Answer with the exact lines of the following material from the one containing "destruct oK as" through the one containing "Theorem alpha_sup_compact F", both end lines included.

Records to use START

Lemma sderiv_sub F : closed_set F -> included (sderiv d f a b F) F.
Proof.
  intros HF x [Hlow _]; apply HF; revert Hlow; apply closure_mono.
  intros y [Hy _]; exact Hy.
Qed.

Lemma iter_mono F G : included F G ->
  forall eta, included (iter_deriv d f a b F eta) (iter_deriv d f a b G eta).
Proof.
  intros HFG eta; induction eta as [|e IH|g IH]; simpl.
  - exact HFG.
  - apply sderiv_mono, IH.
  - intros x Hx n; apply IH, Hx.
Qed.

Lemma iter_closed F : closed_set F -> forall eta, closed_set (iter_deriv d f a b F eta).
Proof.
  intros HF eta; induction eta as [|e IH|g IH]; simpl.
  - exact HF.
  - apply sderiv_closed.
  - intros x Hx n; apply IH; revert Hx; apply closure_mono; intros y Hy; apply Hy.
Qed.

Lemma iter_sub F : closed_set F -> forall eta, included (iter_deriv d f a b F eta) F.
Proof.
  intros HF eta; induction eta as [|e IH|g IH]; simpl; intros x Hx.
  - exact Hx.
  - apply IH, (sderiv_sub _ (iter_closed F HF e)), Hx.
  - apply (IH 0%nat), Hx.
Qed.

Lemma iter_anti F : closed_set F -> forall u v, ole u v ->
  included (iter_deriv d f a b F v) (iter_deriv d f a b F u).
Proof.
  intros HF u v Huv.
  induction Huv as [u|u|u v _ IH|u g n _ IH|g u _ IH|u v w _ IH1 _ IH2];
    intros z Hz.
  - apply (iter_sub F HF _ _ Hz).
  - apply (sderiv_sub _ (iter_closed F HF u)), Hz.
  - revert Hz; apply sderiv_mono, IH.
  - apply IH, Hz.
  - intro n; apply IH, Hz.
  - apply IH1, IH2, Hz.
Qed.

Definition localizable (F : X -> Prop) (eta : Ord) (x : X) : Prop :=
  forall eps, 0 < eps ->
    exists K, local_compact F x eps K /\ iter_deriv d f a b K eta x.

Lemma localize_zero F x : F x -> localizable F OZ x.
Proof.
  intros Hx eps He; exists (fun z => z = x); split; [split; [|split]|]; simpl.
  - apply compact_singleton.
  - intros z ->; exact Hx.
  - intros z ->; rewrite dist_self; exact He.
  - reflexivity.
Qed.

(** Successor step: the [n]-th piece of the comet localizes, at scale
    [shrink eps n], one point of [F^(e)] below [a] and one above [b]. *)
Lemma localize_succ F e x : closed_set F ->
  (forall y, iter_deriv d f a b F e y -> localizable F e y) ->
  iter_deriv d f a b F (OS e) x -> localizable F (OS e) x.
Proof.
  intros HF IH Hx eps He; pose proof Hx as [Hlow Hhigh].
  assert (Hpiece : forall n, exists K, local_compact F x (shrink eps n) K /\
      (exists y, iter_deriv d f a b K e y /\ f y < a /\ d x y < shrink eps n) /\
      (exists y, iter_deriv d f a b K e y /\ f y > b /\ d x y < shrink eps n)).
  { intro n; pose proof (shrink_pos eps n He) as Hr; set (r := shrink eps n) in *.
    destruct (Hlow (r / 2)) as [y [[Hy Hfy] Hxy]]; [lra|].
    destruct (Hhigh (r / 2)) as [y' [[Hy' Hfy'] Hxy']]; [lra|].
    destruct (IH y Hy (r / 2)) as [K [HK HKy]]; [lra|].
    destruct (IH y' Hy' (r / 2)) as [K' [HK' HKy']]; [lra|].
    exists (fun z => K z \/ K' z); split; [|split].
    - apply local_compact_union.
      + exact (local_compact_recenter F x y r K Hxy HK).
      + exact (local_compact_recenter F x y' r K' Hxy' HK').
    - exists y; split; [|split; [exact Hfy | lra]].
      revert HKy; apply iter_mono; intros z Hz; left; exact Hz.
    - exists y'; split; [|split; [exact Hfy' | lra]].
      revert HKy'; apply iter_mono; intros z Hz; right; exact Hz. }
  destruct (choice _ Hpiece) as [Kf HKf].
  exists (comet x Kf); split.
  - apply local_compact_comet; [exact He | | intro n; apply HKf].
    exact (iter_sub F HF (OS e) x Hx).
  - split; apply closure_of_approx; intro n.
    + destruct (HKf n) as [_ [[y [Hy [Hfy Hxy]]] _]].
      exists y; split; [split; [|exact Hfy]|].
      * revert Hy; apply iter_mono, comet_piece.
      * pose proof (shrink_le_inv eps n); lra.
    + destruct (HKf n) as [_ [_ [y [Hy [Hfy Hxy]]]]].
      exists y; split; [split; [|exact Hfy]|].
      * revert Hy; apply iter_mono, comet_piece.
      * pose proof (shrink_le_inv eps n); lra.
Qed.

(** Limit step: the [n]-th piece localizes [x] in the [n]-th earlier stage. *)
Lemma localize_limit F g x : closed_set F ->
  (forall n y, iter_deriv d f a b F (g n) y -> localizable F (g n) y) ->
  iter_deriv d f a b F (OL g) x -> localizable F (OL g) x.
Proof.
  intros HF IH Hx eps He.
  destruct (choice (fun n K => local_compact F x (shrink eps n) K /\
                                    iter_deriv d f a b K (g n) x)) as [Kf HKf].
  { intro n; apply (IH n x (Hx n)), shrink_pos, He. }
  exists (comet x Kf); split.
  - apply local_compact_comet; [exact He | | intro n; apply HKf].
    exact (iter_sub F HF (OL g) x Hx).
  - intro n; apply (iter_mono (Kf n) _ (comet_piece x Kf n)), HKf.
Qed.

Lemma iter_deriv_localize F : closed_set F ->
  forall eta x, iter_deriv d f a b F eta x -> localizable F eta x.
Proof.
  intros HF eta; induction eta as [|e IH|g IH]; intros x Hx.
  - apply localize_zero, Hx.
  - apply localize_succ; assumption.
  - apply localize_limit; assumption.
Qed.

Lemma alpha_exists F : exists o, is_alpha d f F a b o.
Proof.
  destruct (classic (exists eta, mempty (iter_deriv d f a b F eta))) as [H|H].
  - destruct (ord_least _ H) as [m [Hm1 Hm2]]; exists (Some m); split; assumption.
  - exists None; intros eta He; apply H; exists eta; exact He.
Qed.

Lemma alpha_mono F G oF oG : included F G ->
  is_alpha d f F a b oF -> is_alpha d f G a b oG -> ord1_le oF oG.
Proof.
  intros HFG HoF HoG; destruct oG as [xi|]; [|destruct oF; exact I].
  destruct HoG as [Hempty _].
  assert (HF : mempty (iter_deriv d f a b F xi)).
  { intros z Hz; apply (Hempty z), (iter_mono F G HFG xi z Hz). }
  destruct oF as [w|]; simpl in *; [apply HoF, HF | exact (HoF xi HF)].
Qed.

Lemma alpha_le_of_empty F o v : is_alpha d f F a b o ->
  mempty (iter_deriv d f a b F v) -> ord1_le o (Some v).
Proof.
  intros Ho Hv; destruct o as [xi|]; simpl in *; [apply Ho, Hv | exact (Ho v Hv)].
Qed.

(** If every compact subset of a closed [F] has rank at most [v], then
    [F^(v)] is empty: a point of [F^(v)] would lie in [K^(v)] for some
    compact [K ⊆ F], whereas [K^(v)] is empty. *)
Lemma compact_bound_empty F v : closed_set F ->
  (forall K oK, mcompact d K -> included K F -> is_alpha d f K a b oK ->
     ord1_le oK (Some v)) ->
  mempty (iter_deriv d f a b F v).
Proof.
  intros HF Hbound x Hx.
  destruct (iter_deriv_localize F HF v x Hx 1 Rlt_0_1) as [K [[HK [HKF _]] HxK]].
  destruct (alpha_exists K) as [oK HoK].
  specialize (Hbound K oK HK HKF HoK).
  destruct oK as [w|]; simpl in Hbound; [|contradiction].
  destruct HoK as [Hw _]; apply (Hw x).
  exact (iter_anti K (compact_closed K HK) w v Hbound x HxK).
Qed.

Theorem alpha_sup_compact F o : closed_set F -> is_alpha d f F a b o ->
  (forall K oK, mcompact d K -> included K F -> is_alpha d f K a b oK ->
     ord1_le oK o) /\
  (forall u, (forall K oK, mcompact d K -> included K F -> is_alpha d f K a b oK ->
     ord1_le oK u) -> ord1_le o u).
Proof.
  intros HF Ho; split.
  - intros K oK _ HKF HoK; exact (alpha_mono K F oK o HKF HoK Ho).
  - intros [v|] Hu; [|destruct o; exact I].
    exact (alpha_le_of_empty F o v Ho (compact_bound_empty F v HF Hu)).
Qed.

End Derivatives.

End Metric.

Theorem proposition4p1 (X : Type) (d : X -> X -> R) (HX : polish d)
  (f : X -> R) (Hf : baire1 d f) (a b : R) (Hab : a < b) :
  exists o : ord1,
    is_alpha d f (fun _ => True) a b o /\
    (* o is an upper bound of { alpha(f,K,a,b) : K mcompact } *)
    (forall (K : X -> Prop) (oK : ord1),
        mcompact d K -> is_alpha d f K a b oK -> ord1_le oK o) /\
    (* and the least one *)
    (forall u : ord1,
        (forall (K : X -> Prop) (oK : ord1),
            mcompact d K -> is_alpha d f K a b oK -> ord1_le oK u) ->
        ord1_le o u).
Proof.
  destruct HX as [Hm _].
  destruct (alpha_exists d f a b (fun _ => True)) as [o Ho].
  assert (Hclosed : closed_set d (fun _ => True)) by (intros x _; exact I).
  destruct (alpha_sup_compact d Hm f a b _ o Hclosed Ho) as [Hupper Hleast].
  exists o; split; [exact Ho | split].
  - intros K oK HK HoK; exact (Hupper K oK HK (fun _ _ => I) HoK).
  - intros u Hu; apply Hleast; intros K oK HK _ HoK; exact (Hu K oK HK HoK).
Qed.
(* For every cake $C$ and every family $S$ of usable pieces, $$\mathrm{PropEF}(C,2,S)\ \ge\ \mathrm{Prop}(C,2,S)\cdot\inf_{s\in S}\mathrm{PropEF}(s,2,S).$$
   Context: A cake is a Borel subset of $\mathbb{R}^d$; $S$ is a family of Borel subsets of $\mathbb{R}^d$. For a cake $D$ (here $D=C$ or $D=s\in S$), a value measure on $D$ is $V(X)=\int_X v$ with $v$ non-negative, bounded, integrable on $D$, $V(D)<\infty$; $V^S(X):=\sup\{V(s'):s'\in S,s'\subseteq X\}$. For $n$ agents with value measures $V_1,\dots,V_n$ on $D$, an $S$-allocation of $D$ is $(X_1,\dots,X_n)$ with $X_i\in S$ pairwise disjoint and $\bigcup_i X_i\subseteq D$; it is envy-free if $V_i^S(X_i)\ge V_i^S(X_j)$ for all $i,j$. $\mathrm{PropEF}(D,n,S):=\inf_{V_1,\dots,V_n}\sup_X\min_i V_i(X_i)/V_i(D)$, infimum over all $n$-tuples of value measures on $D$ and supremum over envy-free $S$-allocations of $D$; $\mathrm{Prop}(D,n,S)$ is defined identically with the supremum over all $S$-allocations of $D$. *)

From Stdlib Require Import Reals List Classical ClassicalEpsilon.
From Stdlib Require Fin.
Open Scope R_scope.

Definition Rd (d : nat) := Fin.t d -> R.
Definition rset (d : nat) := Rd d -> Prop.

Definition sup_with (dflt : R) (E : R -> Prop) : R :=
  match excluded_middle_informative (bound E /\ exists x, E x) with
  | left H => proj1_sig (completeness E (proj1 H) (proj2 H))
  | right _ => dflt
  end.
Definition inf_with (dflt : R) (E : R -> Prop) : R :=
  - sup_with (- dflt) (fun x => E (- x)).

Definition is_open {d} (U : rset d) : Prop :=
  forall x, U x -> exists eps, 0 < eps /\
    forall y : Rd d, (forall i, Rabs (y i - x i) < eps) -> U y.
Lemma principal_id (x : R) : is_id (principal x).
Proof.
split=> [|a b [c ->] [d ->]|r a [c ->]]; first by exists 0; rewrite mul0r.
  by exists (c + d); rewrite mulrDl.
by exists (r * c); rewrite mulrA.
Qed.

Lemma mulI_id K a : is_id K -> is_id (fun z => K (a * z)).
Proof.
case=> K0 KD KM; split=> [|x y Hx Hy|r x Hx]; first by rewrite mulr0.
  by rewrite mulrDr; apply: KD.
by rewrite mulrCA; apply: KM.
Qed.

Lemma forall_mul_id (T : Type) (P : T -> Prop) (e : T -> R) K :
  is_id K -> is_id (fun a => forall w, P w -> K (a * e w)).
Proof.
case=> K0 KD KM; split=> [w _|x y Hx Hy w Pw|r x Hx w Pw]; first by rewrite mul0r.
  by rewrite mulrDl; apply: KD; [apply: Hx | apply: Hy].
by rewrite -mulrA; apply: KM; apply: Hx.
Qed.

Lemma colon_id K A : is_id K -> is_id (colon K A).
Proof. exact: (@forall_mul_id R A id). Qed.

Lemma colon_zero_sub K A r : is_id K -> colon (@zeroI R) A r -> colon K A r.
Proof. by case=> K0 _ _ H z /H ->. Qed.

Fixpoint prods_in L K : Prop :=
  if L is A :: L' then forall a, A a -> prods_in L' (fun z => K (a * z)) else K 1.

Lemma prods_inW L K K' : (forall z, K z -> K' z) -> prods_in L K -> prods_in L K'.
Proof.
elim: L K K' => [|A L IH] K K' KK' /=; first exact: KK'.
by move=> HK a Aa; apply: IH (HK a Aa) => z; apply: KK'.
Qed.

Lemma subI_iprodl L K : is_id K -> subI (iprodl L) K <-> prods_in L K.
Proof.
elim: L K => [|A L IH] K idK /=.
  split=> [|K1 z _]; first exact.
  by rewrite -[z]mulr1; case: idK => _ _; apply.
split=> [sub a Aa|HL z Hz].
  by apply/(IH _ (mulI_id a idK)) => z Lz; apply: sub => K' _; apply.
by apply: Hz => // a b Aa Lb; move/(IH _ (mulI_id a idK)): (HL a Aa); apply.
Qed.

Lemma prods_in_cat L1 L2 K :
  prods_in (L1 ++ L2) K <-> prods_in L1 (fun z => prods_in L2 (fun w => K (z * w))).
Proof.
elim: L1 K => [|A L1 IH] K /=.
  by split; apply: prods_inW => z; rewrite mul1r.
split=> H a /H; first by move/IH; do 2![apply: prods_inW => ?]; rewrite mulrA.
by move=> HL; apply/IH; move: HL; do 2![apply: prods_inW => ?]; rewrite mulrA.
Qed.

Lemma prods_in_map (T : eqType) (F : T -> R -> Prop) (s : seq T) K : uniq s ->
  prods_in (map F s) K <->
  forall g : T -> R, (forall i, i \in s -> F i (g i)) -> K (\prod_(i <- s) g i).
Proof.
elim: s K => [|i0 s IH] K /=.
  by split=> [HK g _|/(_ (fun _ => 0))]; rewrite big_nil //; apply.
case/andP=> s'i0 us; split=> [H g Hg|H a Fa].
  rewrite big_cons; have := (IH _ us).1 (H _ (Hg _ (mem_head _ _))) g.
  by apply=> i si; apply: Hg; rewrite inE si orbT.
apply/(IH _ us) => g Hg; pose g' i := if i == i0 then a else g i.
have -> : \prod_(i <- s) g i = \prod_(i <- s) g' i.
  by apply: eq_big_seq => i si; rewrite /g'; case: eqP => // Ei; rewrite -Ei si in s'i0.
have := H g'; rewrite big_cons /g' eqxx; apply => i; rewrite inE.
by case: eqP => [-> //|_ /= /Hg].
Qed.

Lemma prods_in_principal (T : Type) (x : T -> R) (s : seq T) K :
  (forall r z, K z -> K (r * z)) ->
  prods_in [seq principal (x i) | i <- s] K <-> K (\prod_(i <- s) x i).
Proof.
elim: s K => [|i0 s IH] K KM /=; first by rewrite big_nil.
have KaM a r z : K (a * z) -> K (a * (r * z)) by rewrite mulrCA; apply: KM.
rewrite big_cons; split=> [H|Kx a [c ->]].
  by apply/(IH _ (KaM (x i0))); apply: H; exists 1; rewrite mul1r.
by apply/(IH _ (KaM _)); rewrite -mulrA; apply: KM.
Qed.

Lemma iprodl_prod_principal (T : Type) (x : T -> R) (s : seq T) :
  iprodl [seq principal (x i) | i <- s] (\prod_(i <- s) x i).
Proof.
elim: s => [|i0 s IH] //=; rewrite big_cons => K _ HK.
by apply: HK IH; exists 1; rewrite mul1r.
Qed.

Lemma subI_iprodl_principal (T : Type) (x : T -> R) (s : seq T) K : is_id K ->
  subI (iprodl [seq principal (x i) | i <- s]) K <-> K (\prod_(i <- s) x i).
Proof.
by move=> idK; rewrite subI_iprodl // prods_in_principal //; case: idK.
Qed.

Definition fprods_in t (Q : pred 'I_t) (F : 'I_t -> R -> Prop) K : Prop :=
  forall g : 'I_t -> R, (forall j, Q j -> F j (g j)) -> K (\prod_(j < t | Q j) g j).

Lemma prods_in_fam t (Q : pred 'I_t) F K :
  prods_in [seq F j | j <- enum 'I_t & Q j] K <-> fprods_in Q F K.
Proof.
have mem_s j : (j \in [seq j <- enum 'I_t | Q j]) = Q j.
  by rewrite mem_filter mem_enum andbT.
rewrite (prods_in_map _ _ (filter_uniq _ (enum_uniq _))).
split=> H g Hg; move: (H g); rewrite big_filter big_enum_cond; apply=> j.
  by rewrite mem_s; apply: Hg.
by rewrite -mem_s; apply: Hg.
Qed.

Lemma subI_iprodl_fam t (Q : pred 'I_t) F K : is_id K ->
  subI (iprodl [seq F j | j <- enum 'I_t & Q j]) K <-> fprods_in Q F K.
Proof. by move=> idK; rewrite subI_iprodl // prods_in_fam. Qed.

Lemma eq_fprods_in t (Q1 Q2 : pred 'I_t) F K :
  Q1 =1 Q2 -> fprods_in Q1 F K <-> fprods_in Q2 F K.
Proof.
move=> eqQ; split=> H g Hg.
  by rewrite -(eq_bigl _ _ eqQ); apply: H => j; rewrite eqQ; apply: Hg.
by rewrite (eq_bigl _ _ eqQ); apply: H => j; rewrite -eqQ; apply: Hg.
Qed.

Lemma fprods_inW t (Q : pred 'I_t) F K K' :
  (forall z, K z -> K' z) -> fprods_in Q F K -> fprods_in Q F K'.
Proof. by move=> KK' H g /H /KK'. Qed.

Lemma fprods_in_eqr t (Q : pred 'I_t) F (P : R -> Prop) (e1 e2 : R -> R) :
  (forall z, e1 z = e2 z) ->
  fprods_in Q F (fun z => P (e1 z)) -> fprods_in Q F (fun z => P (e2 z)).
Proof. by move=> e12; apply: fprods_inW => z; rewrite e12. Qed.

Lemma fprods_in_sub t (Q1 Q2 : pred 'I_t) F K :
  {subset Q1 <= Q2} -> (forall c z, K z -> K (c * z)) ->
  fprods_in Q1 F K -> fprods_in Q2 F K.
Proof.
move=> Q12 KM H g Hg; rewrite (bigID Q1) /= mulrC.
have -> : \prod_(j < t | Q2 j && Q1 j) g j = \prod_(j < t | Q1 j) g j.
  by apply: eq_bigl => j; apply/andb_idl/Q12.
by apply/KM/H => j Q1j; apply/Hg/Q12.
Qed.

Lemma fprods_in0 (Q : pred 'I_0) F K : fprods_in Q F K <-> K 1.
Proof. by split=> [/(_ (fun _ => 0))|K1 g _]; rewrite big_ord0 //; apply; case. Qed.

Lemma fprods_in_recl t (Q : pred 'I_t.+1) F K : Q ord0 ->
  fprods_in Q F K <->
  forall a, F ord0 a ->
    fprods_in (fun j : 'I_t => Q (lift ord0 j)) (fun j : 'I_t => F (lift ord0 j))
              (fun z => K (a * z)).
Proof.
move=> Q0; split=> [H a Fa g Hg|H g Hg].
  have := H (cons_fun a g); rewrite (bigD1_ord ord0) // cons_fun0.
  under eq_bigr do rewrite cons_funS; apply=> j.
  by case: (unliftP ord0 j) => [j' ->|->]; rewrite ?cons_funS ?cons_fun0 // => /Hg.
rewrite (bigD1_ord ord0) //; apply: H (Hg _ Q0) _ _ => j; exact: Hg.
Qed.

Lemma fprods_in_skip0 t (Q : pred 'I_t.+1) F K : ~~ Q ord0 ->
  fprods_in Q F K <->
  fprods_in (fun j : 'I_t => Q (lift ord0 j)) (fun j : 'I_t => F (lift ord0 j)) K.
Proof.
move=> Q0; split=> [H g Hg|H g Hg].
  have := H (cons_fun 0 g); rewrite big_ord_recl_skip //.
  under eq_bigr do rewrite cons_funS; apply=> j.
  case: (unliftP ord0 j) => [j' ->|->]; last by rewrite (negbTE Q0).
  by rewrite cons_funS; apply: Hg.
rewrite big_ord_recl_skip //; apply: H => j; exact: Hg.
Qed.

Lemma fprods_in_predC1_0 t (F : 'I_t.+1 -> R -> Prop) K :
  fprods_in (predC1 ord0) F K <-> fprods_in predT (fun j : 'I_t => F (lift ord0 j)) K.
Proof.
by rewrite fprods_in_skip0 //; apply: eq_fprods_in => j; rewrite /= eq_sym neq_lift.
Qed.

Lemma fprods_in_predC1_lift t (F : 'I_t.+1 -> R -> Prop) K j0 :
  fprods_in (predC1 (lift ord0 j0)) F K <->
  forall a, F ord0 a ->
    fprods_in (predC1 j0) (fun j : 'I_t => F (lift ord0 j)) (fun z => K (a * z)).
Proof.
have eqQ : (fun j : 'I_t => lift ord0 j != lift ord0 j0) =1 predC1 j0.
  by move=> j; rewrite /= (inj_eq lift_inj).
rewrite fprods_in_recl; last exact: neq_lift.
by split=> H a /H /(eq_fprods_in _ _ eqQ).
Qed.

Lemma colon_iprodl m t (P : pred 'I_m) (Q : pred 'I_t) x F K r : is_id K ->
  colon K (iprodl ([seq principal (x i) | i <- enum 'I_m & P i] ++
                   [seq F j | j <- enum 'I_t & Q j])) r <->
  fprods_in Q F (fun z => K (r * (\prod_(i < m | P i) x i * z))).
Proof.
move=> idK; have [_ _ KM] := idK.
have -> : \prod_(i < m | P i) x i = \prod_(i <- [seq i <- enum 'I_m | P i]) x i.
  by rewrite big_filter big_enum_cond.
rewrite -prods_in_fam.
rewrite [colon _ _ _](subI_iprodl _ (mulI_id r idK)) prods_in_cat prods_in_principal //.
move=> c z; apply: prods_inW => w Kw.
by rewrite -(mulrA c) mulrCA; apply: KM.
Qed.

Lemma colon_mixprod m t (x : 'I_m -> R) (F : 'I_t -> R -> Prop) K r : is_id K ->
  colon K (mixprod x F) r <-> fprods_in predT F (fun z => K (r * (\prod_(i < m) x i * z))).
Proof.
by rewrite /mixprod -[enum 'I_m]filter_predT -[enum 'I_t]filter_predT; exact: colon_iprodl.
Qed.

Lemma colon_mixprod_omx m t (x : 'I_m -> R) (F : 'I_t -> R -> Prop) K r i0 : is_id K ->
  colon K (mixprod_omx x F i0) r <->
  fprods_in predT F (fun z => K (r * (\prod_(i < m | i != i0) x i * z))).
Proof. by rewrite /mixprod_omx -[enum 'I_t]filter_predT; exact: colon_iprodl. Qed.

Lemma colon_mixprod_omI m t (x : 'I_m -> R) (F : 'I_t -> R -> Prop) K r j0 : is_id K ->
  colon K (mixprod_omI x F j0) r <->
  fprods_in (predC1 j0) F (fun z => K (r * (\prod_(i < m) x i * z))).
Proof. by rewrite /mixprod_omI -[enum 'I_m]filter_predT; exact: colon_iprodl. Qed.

Records to use END

### [Task answer]
  destruct oK as [w|]; simpl in Hbound; [|contradiction].
  destruct HoK as [Hw _]; apply (Hw x).
  exact (iter_anti K (compact_closed K HK) w v Hbound x HxK).
Qed.

Theorem alpha_sup_compact F o : closed_set F -> is_alpha d f F a b o ->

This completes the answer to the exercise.